The HTTP Content-Type
header field is intended to indicate the
MIME type of an HTTP response.
However, many HTTP servers supply a Content-Type
header field
value that does not match the actual contents of the response.
Historically, web browsers have tolerated these servers by examining the
content of HTTP responses in addition to the Content-Type
header
field in order to determine the effective MIME type of the response.
Without a clear specification for how to "sniff" the MIME type, each user agent has been forced to reverse-engineer the algorithms of other user agents in order to maintain interoperability. Inevitably, these efforts have not been entirely successful, resulting in divergent behaviors among user agents. In some cases, these divergent behaviors have had security implications, as a user agent could interpret an HTTP response as a different MIME type than the server intended.
These security issues are most severe when an "honest" server allows
potentially malicious users to upload their own files and then serves the
contents of those files with a low-privilege MIME type.
For example, if a server believes that the client will treat a contributed
file as an image (and thus treat it as benign), but a user agent believes the
content to be HTML (and thus privileged to execute any scripts contained
therein), an attacker might be able to steal the user's authentication
credentials and mount other cross-site scripting attacks.
(Malicious servers, of course, can specify an arbitrary MIME type in the
Content-Type
header field.)
This document describes a content sniffing algorithm that carefully balances the compatibility needs of user agent with the security constraints imposed by existing web content. The algorithm originated from research conducted by Adam Barth, Juan Caballero, and Dawn Song, based on content sniffing algorithms present in popular user agents, an extensive database of existing web content, and metrics collected from implementations deployed to a sizable number of users. [SECCONTSNIFF]
The keywords "MUST", "MUST NOT", "REQUIRED", "SHALL", "SHALL NOT", "SHOULD", "SHOULD NOT", "RECOMMENDED", "NOT RECOMMENDED", "MAY", and "OPTIONAL" in this document are to be interpreted as described in RFC 2119. For readability, these keywords will generally not appear in all uppercase letters. [RFC2119]
Requirements phrased in the imperative as part of algorithms (such as "strip any leading space characters" or "return false and abort these steps") are to be interpreted with the meaning of the keyword used in introducing the algorithm.
Conformance requirements phrased as algorithms or specific steps can be implemented in any manner, so long as the end result is equivalent. In particular, note that the algorithms defined in this specification are intended to be easy to understand and are not intended to be performant.
A byte is a byte as defined in the Encoding Standard. When helpful, a byte will be accompanied by information about the ASCII code point it represents. [ENCODING] [ASCII]
A binary data byte is a byte in the range 0x00 to 0x08 (NUL to BS), the byte 0x0B (VT), a byte in the range 0x0E to 0x1A (SO to SUB), or a byte in the range 0x1C to 0x1F (FS to US).
A whitespace byte (0xWS) is any of the following bytes: 0x09 (HT), 0x0A (LF), 0x0C (FF), 0x0D (CR), 0x20 (SP).

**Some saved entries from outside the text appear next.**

(* Let $R$ be a commutative ring with identity containing the field $\mathbb{Q}$ of rational numbers as a subring with the same identity (equivalently, every nonzero integer is a unit in $R$). Then $R$ is a u-ring.
   Context: An ideal $I$ of $R$ is a u-ideal if whenever $I\subseteq I_1\cup\cdots\cup I_m$ for finitely many ideals $I_1,\dots,I_m$ of $R$, then $I\subseteq I_j$ for some $j$. A ring $R$ is a u-ring if every ideal of $R$ is a u-ideal. *)

From mathcomp Require Import all_boot all_algebra.
Set Implicit Arguments. Unset Strict Implicit. Unset Printing Implicit Defensive.
Import GRing.Theory.
Local Open Scope ring_scope.

Definition ideal (R : comNzRingType) (I : R -> Prop) : Prop :=
  [/\ I 0,
      (forall x y, I x -> I y -> I (x + y)) &
      (forall a x, I x -> I (a * x))].

Definition u_ideal (R : comNzRingType) (I : R -> Prop) : Prop :=
  forall (m : nat) (J : 'I_m -> R -> Prop),
    (forall j, ideal (J j)) ->
    (forall x, I x -> exists j, J j x) ->
    exists j, forall x, I x -> J j x.

Definition u_ring (R : comNzRingType) : Prop :=
  forall I : R -> Prop, ideal I -> u_ideal I.

From mathcomp Require Import all_boot all_algebra.
From Stdlib Require Import Classical.
Local Open Scope ring_scope.
Import GRing.Theory.

(* Induction on the number m.+1 of ideals covering I.  If some b in I avoids
   the last ideal J_m, then every a in I lies in one of the first m ideals:
   otherwise a lies in J_m, so none of the m.+1 elements b + k a lies in J_m,
   and by the pigeonhole principle two of them, b + k a and b + k' a, lie in
   the same J_j.  Then (k' - k) a is in J_j, and since k' - k is invertible
   in R, so is a. *)

Definition covers {R : comNzRingType} {m} (J : 'I_m -> R -> Prop) (I : R -> Prop) :=
  forall x, I x -> exists j, J j x.

Lemma idealB {R : comNzRingType} {I : R -> Prop} {x y : R} :
  ideal I -> I x -> I y -> I (x - y).
Proof. by case=> _ IqD IqM Ix Iy; rewrite -mulN1r in Iy *; apply/IqD/IqM. Qed.

Lemma ord_pigeonhole m (P : 'I_m.+1 -> 'I_m -> Prop) :
  (forall k, exists j, P k j) -> exists j (k k' : 'I_m.+1), [/\ k < k', P k j & P k' j]%N.
Proof.
move=> /fin_all_exists[f Pf].
have /injectivePn[k [k' neq_kk' eq_f]] : ~~ injectiveb f.
  by apply/injectiveP => /leq_card; rewrite !card_ord ltnn.
exists (f k); case: (ltngtP k k') => [lt_kk'|lt_k'k|/val_inj eq_kk'].
- by exists k, k'; rewrite {2}eq_f.
- by exists k', k; rewrite {1}eq_f.
- by rewrite eq_kk' eqxx in neq_kk'.
Qed.

Section NatInvertible.

Context {R : comNzRingType}.
Hypothesis natr_inv : forall n : nat, (0 < n)%N -> exists y : R, n%:R * y = 1.

Lemma ideal_natmul_cancel {J : R -> Prop} n a :
  ideal J -> (0 < n)%N -> J (n%:R * a) -> J a.
Proof.
case=> _ _ JqM /natr_inv[y ny1] /(JqM y).
by rewrite mulrA (mulrC y) ny1 mul1r.
Qed.

Lemma ideal_arith_prog {J : R -> Prop} {a b : R} {k k' : nat} : ideal J -> (k < k')%N ->
  J (b + k%:R * a) -> J (b + k'%:R * a) -> J a.
Proof.
move=> idJ lt_kk' Jk Jk'.
apply: (ideal_natmul_cancel (k' - k) a idJ); first by rewrite subn_gt0.
have -> : (k' - k)%:R * a = b + k'%:R * a - (b + k%:R * a).
  by rewrite natrB ?(ltnW lt_kk') // mulrBl opprD addrACA subrr add0r.
exact: idealB.
Qed.

Lemma covers_drop_last {I : R -> Prop} {m} {J : 'I_m.+1 -> R -> Prop} {b : R} :
  ideal I -> (forall j, ideal (J j)) -> covers J I ->
  I b -> ~ J ord_max b -> covers (J \o lift ord_max) I.
Proof.
move=> idI idJ covJ Ib Jb a Ia; have [j] := covJ a Ia.
case: (unliftP ord_max j) => [j' -> | -> Ja]; first by exists j'.
have Ik (k : 'I_m.+1) : I (b + k%:R * a).
  by case: idI => _ IqD IqM; apply/IqD/IqM.
have /ord_pigeonhole[i [k [k' [lt_kk' Jk Jk']]]] :
    forall k : 'I_m.+1, exists j, (J \o lift ord_max) j (b + k%:R * a).
  move=> k; have [i] := covJ _ (Ik k).
  case: (unliftP ord_max i) => [i' -> | -> Jbk]; first by exists i'.
  case: Jb; have [_ _ JqM] := idJ ord_max.
  by rewrite -(addrK (k%:R * a) b); apply: idealB (JqM _ _ Ja).
by exists i; apply: (ideal_arith_prog (idJ _) lt_kk' Jk Jk').
Qed.

End NatInvertible.

Theorem lemma7 (R : comNzRingType)
  (hQ : forall n : nat, (0 < n)%N -> exists y : R, n%:R * y = 1) :
  u_ring R.
Proof.
move=> I idI m; elim: m => [|m IHm] J idJ covJ.
  by have [I0 _ _] := idI; have [[]] := covJ 0 I0.
case: (classic (forall x, I x -> J ord_max x)) => [J_max|]; first by exists ord_max.
move=> /not_all_ex_not[b /(imply_to_and (I b))[Ib Jb]].
have [j Jj] := IHm _ (fun j => idJ _) (covers_drop_last hQ idI idJ covJ Ib Jb).
by exists (lift ord_max j).
Qed.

A tag-terminating byte (0xTT) is any of the following
bytes: 0x20 (SP), 0x3E (">
").
A byte sequence is a sequence of bytes.
Converting a string to ASCII lowercase is accomplished by converting a string to ASCII lowercase as defined in the HTML Standard. [HTML]
The MIME type of a resource is a technical hint about the use and format of that resource. [MIMETYPE]
A parsable MIME type is a MIME type for which the parse a MIME type algorithm does not return undefined. Every parsable MIME type has a corresponding parsed MIME type, which is the result of parsing the parsable MIME type. A parsed MIME type is made up of a type, a subtype, and a dictionary of parameters.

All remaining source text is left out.